How to Enable Python Snowflake Connector in Airflow DAGs?

  • 1.  How to Enable Python Snowflake Connector in Airflow DAGs?

    Posted 05-02-2019 02:11
    Hello,

    I am trying to add the Python Snowflake connector to my Python cluster using the Node Bootstrap script. However, even though the script seems to run successfully on cluster startup, I am unable to use the connector in my Python DAGs.

    The code I added to the Node Bootstrap script is:

    pip install snowflake-connector-python

    In my Airflow DAGs, I should be able to reference this by running:

    import snowflake.connector

    However, I am getting the following error: Broken DAG: [/usr/lib/airflow/dags/unit_tests_recent_records.py] No module named snowflake.connector

    The cluster is ID 21268 and here are the settings:

    Airflow Version: 1.8.2
    Python Version: 2.7

    Is there an alternative way to enabled Snowflake for my Airflow DAGs?

    ------------------------------
    Robin Tanner
    ------------------------------


  • 2.  RE: How to Enable Python Snowflake Connector in Airflow DAGs?

    Quboler
    Posted 05-02-2019 02:34
    Hi Robin,

    All the airflow processes run on a python virtual environment, you will need to activate it first before installing any packages. The command to activate the virtualenv is given below. Try adding this to the top of your nodebootstrap script.

    # for python 2.7 cluster
    source ${AIRFLOW_VIRTUALENV_LOC}/bin/activate
    
    # for python 3.5 cluster
    source ${AIRFLOW_VIRTUALENV_LOC}/bin/activate ${AIRFLOW_VIRTUALENV_LOC}
    ​


    ------------------------------
    Joy Chattaraj
    Qubole
    ------------------------------



  • 3.  RE: How to Enable Python Snowflake Connector in Airflow DAGs?

    Posted 05-02-2019 10:44
    Hi Joy,

    Thank you for responding. I received an error that my bootstrap script failed for my Python 3.5 environment. This is my Node Bootstrap script:

    # for python 3.5 cluster
    source ${AIRFLOW_VIRTUALENV_LOC}/bin/activate ${AIRFLOW_VIRTUALENV_LOC}

    pip3 install snowflake-connector-python==1.7.11


    My DAG still shows the error about the Snowflake connector missing.

    I am unable to see any logs on what the error is. Is there a location for this?

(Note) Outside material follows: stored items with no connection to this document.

(* Let $l,m\in\mathbb{N}$ and let $q(x)=x^6-(l+m+3)x^4+(lm+l+m+3)x^2-1$. If $q(x)$ is reducible over $\mathbb{Q}$, then the set of all positive eigenvalues of the adjacency matrix of the double subdivided star $T_{l,m}$, with any one of them removed, is linearly independent over $\mathbb{Q}$.
   Context: A subdivided star $SK_{1,l}$ is obtained by identifying exactly one pendant (end) vertex from each of $l$ copies of the path $P_3$ on three vertices; the identified vertex is the coalescence vertex. The double subdivided star $T_{l,m}$ is obtained from $SK_{1,l}$ and $SK_{1,m}$ by adding one edge joining their two coalescence vertices. Eigenvalues are those of the adjacency matrix; the characteristic polynomial of $T_{l,m}$ is $(x^2-1)^{l+m-2}q(x)$. *)

From HB Require Import structures.
From mathcomp Require Import all_boot all_order all_algebra all_field.
Set Implicit Arguments. Unset Strict Implicit. Unset Printing Implicit Defensive.
Import Order.TTheory GRing.Theory Num.Theory.
Local Open Scope ring_scope.

(* Double subdivided star T_{l,m} on n = 2l+2m+2 vertices, numbered:
   0 = coalescence vertex c1 of SK_{1,l},  1 = coalescence vertex c2 of SK_{1,m},
   2+i       (i < l) : middle vertex of the i-th P3 of SK_{1,l},
   2+l+i     (i < l) : end vertex of the i-th P3 of SK_{1,l},
   2+2l+j    (j < m) : middle vertex of the j-th P3 of SK_{1,m},
   2+2l+m+j  (j < m) : end vertex of the j-th P3 of SK_{1,m}. *)
Definition Tnum (l m : nat) : nat := (2 * (l + m)).+2.

Definition Tarc (l m : nat) (i j : nat) : bool :=
  [|| (i == 0%N) && (j == 1%N),
      (i == 0%N) && (2 <= j < 2 + l)%N,
      (2 <= i < 2 + l)%N && (j == i + l)%N,
      (i == 1%N) && (2 + 2 * l <= j < 2 + 2 * l + m)%N
    | (2 + 2 * l <= i < 2 + 2 * l + m)%N && (j == i + m)%N].

Definition Tedge (l m : nat) (i j : nat) : bool := Tarc l m i j || Tarc l m j i.

Definition adjT (l m : nat) : 'M[algC]_(Tnum l m) :=
  \matrix_(i, j) (Tedge l m i j)%:R.

Definition q_Tlm (l m : nat) : {poly rat} :=
  'X^6 - ((l + m + 3)%:R)%:P * 'X^4
       + ((l * m + l + m + 3)%:R)%:P * 'X^2 - 1.

Definition Qlin_indep (P : pred algC) : Prop :=
  forall (s : seq algC) (c : algC -> rat),
    uniq s -> all P s ->
    \sum_(x <- s) ratr (c x) * x = 0 ->
    all (fun x => c x == 0) s.

From HB Require Import structures.
From mathcomp Require Import all_boot all_order all_algebra all_field.
From mathcomp Require Import zify ring lra.
From Stdlib Require Import Classical.
Set Implicit Arguments.
Unset Strict Implicit.
Unset Printing Implicit Defensive.

Import Order.TTheory GRing.Theory Num.Theory.
Local Open Scope ring_scope.

(* If x^2 <> 1, an eigenvector for x is determined by its values a, b at the two centres
   (on each pendant path, (x^2 - 1) (middle value) = x (centre value)), and the equations at
   the centres eliminate to p(x^2) a = 0 with a <> 0, where q(x) = p(x^2). So each positive
   eigenvalue is 1 or a square root of a root y_i of the cubic p, which is irreducible.
   If q is reducible, a proper factor of q shows that sqrt(y) lies in Q(y), so r_i := W(y_i)
   are square roots of the y_i for a single W in Q[X]. Their elementary symmetric functions
   are rational: the r_i are the roots of an irreducible rational cubic g, and
   r_1 + r_2 + r_3 <> 0 as (l+m+3)^2 <> 4(lm+l+m+3). A relation r_2 = a r_1 + b would make
   z |-> a z + b a symmetry of g, which is impossible, so any three of 1, r_1, r_2, r_3 are
   independent over Q. Removing mu removes one of these four, up to sign, from the positive
   eigenvalues. *)

(** * Eigenvectors of the double subdivided star *)

Ltac case_or := repeat match goal with |- is_true (_ || _) -> _ => case/orP end.
Ltac prove_and := repeat (apply/andP; split); lia.
Ltac prove_or := first [ apply/orP; left; prove_and | apply/orP; right; prove_or | prove_and ].
Ltac Tedge_lia := rewrite /Tedge /Tarc; apply/idP/idP; [case_or; lia | case_or => *; prove_or].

    The only error I see is in the Activity screen:

    Bootstrapping And Finalizing: Bootstrapping failed with status 127. (8s)
    Today 07:26 AM
    ​​

    ------------------------------
    Robin Tanner
    ------------------------------



  • 4.  RE: How to Enable Python Snowflake Connector in Airflow DAGs?

    Quboler
    Posted 05-02-2019 15:51
    Edited by Joy Chattaraj 05-02-2019 16:11
    Hi Robin,

    For Airflow clusters the nodebootstrap logs are not available on the UI as of now, but it has been fixed in our upcoming release which will be made available soon. For now you can check the the bootstrap logs in the location mentioned below (you can ssh on the cluster and view it or print this using a shell command from the analyze page):

    /media/ephemeral0/logs/others/node_bootstrap.log​


    Also FYI, if it's a python3.5 cluster there's a better way to install and maintain pacakges, using the environments page. You will find an environment with the name "default_env_<cluster_id>" on the environments page which is attached to your cluster. More details can be found here.

    The Python 3 cluster uses an Anaconda VirtualEnv instead of the regular python one, and with package management as mentioned above you can install/remove all packages easily from the UI, except noarch python packages. The Support for noarch versions is also coming soon.

    ------------------------------
    Joy Chattaraj
    Qubole
    ------------------------------